- AIM OF THE TASK -
Go through the entries below and print, exactly, the lines starting at the one with "Definition Cfin (Ed" and ending at the one with "nua_mulDl : forall", keeping both ends and no others.
DATA EXTRACTS below:
(* Let $(E,C)$ be a separated graph with $E^0$ and $E^1$ countable, let $S\subseteq C_{fin}$ and let $K$ be a field. In the algebra $L_K(E,C,S)$ the following hold: 1. $e\neq 0$ for each $e\in E^1$; 2. $v\neq 0$ for each $v\in E^0$; 3. $e^*f\neq 0$ for each $e\in X$, $f\in Y$, where $X,Y\in C_v$ with $X\neq Y$; 4. for each finite set $X\in C_v\setminus S$, $\sum_{e\in X}ee^*v=\sum_{e\in X}ee^*=v\sum_{e\in X}ee^*$, but $\sum_{e\in X}ee^*\neq v$; 5. for finite sets $X,Y\in C\setminus S$ with $X\neq Y$, $\sum_{e\in X}ee^*\neq\sum_{f\in Y}ff^*$.
   Context: A separated graph is a pair $(E,C)$ where $E=(E^0,E^1,r,s)$ is a directed graph and $C=\bigcup_{v\in E^0}C_v$, where for each non-sink $v$, $C_v$ is a partition of $s^{-1}(v)$ into pairwise disjoint nonempty sets; $C_{fin}$ is the set of finite $Y\in C$. For $S\subseteq C_{fin}$ and a field $K$, the Cohn-Leavitt algebra $L_K(E,C,S)$ is the universal $K$-algebra generated by pairwise orthogonal idempotents $\{v:v\in E^0\}$ and elements $\{e,e^*:e\in E^1\}$ subject to: $s(e)e=er(e)=e$; $r(e)e^*=e^*s(e)=e^*$; $e^*f=\delta_{e,f}r(e)$ for $e,f\in Y$, $Y\in C$; $v=\sum_{e\in X}ee^*$ for every $X\in S\cap C_v$, $v$ non-sink. *)

From HB Require Import structures.
From mathcomp Require Import all_boot all_algebra.
From mathcomp Require Import finmap boolp classical_sets cardinality.
Set Implicit Arguments. Unset Strict Implicit. Unset Printing Implicit Defensive.
Import GRing.Theory.
Local Open Scope ring_scope.
Local Open Scope classical_set_scope.

(* C is a set of subsets of E^1; (E,C) is a separated graph when C is a
   partition of E^1 into nonempty sets each contained in a fibre s^{-1}(v);
   then C_v := {X in C | X ⊆ s^{-1}(v)} is a partition of s^{-1}(v) for every
   non-sink v (and C_v is empty for a sink v), and C = ⋃_v C_v. *)
Definition separated_graph (V Ed : Type) (s : Ed -> V) (C : set (set Ed)) : Prop :=
  [/\ (forall X, C X -> X !=set0),
      (forall X, C X -> forall e f, X e -> X f -> s e = s f),
      (forall X Y, C X -> C Y -> X `&` Y !=set0 -> X = Y)
    & (forall e, exists X, C X /\ X e)].

Definition Cv (V Ed : Type) (s : Ed -> V) (C : set (set Ed)) (v : V) : set (set Ed) :=
  [set X | C X /\ X `<=` s @^-1` [set v]].

Definition Cfin (Ed : Type) (C : set (set Ed)) : set (set Ed) :=
  [set X | C X /\ finite_set X].

(* Cohn-Leavitt algebras are in general non-unital, so we use associative,
   bilinear (not necessarily unital) K-algebras. *)
Record nuAlg (K : fieldType) := NUAlg {
  nua_sort :> lmodType K;
  nua_mul : nua_sort -> nua_sort -> nua_sort;
  nua_mulA : forall x y z, nua_mul x (nua_mul y z) = nua_mul (nua_mul x y) z;
  nua_mulDl : forall x y z, nua_mul (x + y) z = nua_mul x z + nua_mul y z;
  nua_mulDr : forall x y z, nua_mul x (y + z) = nua_mul x y + nua_mul x z;
  nua_mulZl : forall (a : K) x y, nua_mul (a *: x) y = a *: nua_mul x y;
  nua_mulZr : forall (a : K) x y, nua_mul x (a *: y) = a *: nua_mul x y
}.

(* Sum over a finite set of edges (fset_set X enumerates X when X is finite). *)
Definition sum_over (K : fieldType) (A : nuAlg K) (Ed : choiceType)
  (X : set Ed) (F : Ed -> A) : A := \sum_(e <- fset_set X) F e.

(* Elements pv v, pe e, pes e (= e^* ) of A satisfy the defining relations of
   L_K(E,C,S). *)
Definition CL_relations (K : fieldType) (V Ed : choiceType)
  (s r : Ed -> V) (C S : set (set Ed)) (A : nuAlg K)
  (pv : V -> A) (pe pes : Ed -> A) : Prop :=
  let m := @nua_mul K A in
  [/\ (forall v, m (pv v) (pv v) = pv v) /\
        (forall v w, v <> w -> m (pv v) (pv w) = 0),
      (forall e, m (pv (s e)) (pe e) = pe e /\ m (pe e) (pv (r e)) = pe e),
      (forall e, m (pv (r e)) (pes e) = pes e /\ m (pes e) (pv (s e)) = pes e),
      (forall Y e f, C Y -> Y e -> Y f ->
          m (pes e) (pe f) = if e == f then pv (r e) else 0)
    & (forall v X, S X -> Cv s C v X ->
          pv v = sum_over X (fun e => m (pe e) (pes e)))].

Definition nua_hom (K : fieldType) (A B : nuAlg K) (phi : A -> B) : Prop :=
  (forall (a : K) x y, phi (a *: x + y) = a *: phi x + phi y) /\
  (forall x y, phi (nua_mul x y) = nua_mul (phi x) (phi y)).

Definition is_CohnLeavitt (K : fieldType) (V Ed : choiceType)
  (s r : Ed -> V) (C S : set (set Ed)) (A : nuAlg K)
  (pv : V -> A) (pe pes : Ed -> A) : Prop :=
  CL_relations s r C S pv pe pes /\
  forall (B : nuAlg K) (qv : V -> B) (qe qes : Ed -> B),
    CL_relations s r C S qv qe qes ->
    (exists phi : A -> B, nua_hom phi /\
        (forall v, phi (pv v) = qv v) /\
        (forall e, phi (pe e) = qe e) /\ (forall e, phi (pes e) = qes e)) /\
    (forall phi psi : A -> B, nua_hom phi -> nua_hom psi ->
        (forall v, phi (pv v) = psi (pv v)) ->
        (forall e, phi (pe e) = psi (pe e)) ->
        (forall e, phi (pes e) = psi (pes e)) ->
        forall x, phi x = psi x).

(* By universality it suffices to find one representation of the relations in which each claim
   holds.  We let the generators act, by pullback of functions, through partial maps on states
   (w, b): w is a vertex and b gives every block X of C a stack of edges.  The ghost edge e^*
   moves from r e to s e pushing e on the stack of its block, and e moves back popping it;
   as pullback reverses composition, e e^* is the projection onto the states whose block stack
   has e on top.  Stacks are infinite streams, and on admissible states the stacks of the blocks
   in S are filled with edges of the block, which gives v = sum_(e in X) e e^* for X in S.
   Stacks of the other blocks may be empty, and states with such empty stacks separate
   sum_(e in X) e e^* from v and from the corresponding sum over another block. *)

From HB Require Import structures.
From mathcomp Require Import all_boot all_algebra.
From mathcomp Require Import finmap boolp classical_sets cardinality functions.
Set Implicit Arguments. Unset Strict Implicit. Unset Printing Implicit Defensive.
Import GRing.Theory.
Local Open Scope ring_scope.
Local Open Scope classical_set_scope.

Section NuAlgebraTheory.
Variables (K : fieldType) (A : nuAlg K).
Implicit Types x y : A.

Lemma nua_mul0r y : nua_mul 0 y = 0 :> A.
Proof. by apply: (addrI (nua_mul 0 y)); rewrite -nua_mulDl !addr0. Qed.

Lemma nua_mulr0 x : nua_mul x 0 = 0 :> A.
Proof. by apply: (addrI (nua_mul x 0)); rewrite -nua_mulDr !addr0. Qed.

Lemma nua_mul_suml (I : Type) (l : seq I) (F : I -> A) y :
  nua_mul (\sum_(i <- l) F i) y = \sum_(i <- l) nua_mul (F i) y.
Proof.
by elim: l => [|i l IH]; rewrite ?big_nil ?nua_mul0r // !big_cons nua_mulDl IH.
Qed.

Lemma nua_mul_sumr (I : Type) (l : seq I) (F : I -> A) x :
  nua_mul x (\sum_(i <- l) F i) = \sum_(i <- l) nua_mul x (F i).
Proof.
by elim: l => [|i l IH]; rewrite ?big_nil ?nua_mulr0 // !big_cons nua_mulDr IH.
Qed.

End NuAlgebraTheory.

Section NuAlgebraMorphism.
Variables (K : fieldType) (A B : nuAlg K) (phi : A -> B).
Hypothesis phi_hom : nua_hom phi.

Lemma nua_homD x y : phi (x + y) = phi x + phi y.
Proof. by have := phi_hom.1 1 x y; rewrite !scale1r. Qed.

Lemma nua_hom0 : phi 0 = 0.
Proof. by apply: (addrI (phi 0)); rewrite -nua_homD !addr0. Qed.

Lemma nua_hom_sum (I : Type) (l : seq I) (F : I -> A) :
  phi (\sum_(i <- l) F i) = \sum_(i <- l) phi (F i).
Proof. by elim: l => [|i l IH]; rewrite ?big_nil ?nua_hom0 // !big_cons nua_homD IH. Qed.

Lemma nua_hom_neq0 x : phi x <> 0 -> x <> 0.
Proof. by move=> phix0 x0; apply: phix0; rewrite x0 nua_hom0. Qed.

End NuAlgebraMorphism.

Notation block_proj pe pes X := (sum_over X (fun e => nua_mul (pe e) (pes e))).

Section BlockProjections.
Variables (K : fieldType) (V Ed : choiceType) (s r : Ed -> V) (C S : set (set Ed)).
Variables (A : nuAlg K) (pv : V -> A) (pe pes : Ed -> A).
Hypothesis rel : CL_relations s r C S pv pe pes.
Variables (v : V) (X : set Ed).
Hypotheses (finX : finite_set X) (Xv : X `<=` s @^-1` [set v]).

Lemma block_proj_mul_vertex : nua_mul (block_proj pe pes X) (pv v) = block_proj pe pes X.
Proof.
rewrite /sum_over nua_mul_suml; apply: eq_big_seq => e.
rewrite in_fset_set // inE => Xe.
by rewrite -nua_mulA -(Xv Xe); case: rel => _ _ /(_ e) [_ ->].
Qed.

Lemma vertex_mul_block_proj : nua_mul (pv v) (block_proj pe pes X) = block_proj pe pes X.
Proof.
rewrite /sum_over nua_mul_sumr; apply: eq_big_seq => e.
rewrite in_fset_set // inE => Xe.
by rewrite nua_mulA -(Xv Xe); case: rel => _ /(_ e) [-> _].
Qed.

End BlockProjections.

Section Endomorphisms.
Variables (K : fieldType) (M : lmodType K).

Record endo := Endo {
  endo_fun :> M -> M;
  endoD : {morph endo_fun : x y / x + y};
  endoZ : forall a : K, {morph endo_fun : x / a *: x} }.

Lemma endoP (f g : endo) : f =1 g -> f = g.
Proof.
case: f g => f fD fZ [g gD gZ] /= /funext fg; subst g.
by rewrite (Prop_irrelevance fD gD) (Prop_irrelevance fZ gZ).
Qed.

Definition endo_zero : endo.
Proof. by exists (fun _ => 0) => [x y|a x]; rewrite ?addr0 ?scaler0. Defined.

Definition endo_add (f g : endo) : endo.
Proof.
exists (fun x => f x + g x) => [x y|a x]; first by rewrite !endoD addrACA.
by rewrite !endoZ scalerDr.
Defined.

Definition endo_opp (f : endo) : endo.
Proof.
by exists (fun x => - f x) => [x y|a x]; rewrite ?endoD ?opprD ?endoZ ?scalerN.
Defined.

Definition endo_scale (a : K) (f : endo) : endo.
Proof.
exists (fun x => a *: f x) => [x y|b x]; first by rewrite endoD scalerDr.
by rewrite endoZ !scalerA mulrC.
Defined.

Definition endo_comp (f g : endo) : endo.
Proof. by exists (fun x => f (g x)) => [x y|a x]; rewrite ?endoD ?endoZ. Defined.

HB.instance Definition _ := gen_eqMixin endo.
HB.instance Definition _ := gen_choiceMixin endo.

Lemma endo_addA : associative endo_add.
Proof. by move=> f g h; apply: endoP => x /=; rewrite addrA. Qed.
Lemma endo_addC : commutative endo_add.
Proof. by move=> f g; apply: endoP => x /=; rewrite addrC. Qed.
Lemma endo_add0 : left_id endo_zero endo_add.
Proof. by move=> f; apply: endoP => x /=; rewrite add0r. Qed.
Lemma endo_addN : left_inverse endo_zero endo_opp endo_add.
Proof. by move=> f; apply: endoP => x /=; rewrite addNr. Qed.

HB.instance Definition _ :=
  GRing.isZmodule.Build endo endo_addA endo_addC endo_add0 endo_addN.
End of DATA EXTRACTS.
- ANSWER SPACE -
Definition Cfin (Ed : Type) (C : set (set Ed)) : set (set Ed) :=
  [set X | C X /\ finite_set X].

(* Cohn-Leavitt algebras are in general non-unital, so we use associative,
   bilinear (not necessarily unital) K-algebras. *)
Record nuAlg (K : fieldType) := NUAlg {
  nua_sort :> lmodType K;
  nua_mul : nua_sort -> nua_sort -> nua_sort;
  nua_mulA : forall x y z, nua_mul x (nua_mul y z) = nua_mul (nua_mul x y) z;
  nua_mulDl : forall x y z, nua_mul (x + y) z = nua_mul x z + nua_mul y z;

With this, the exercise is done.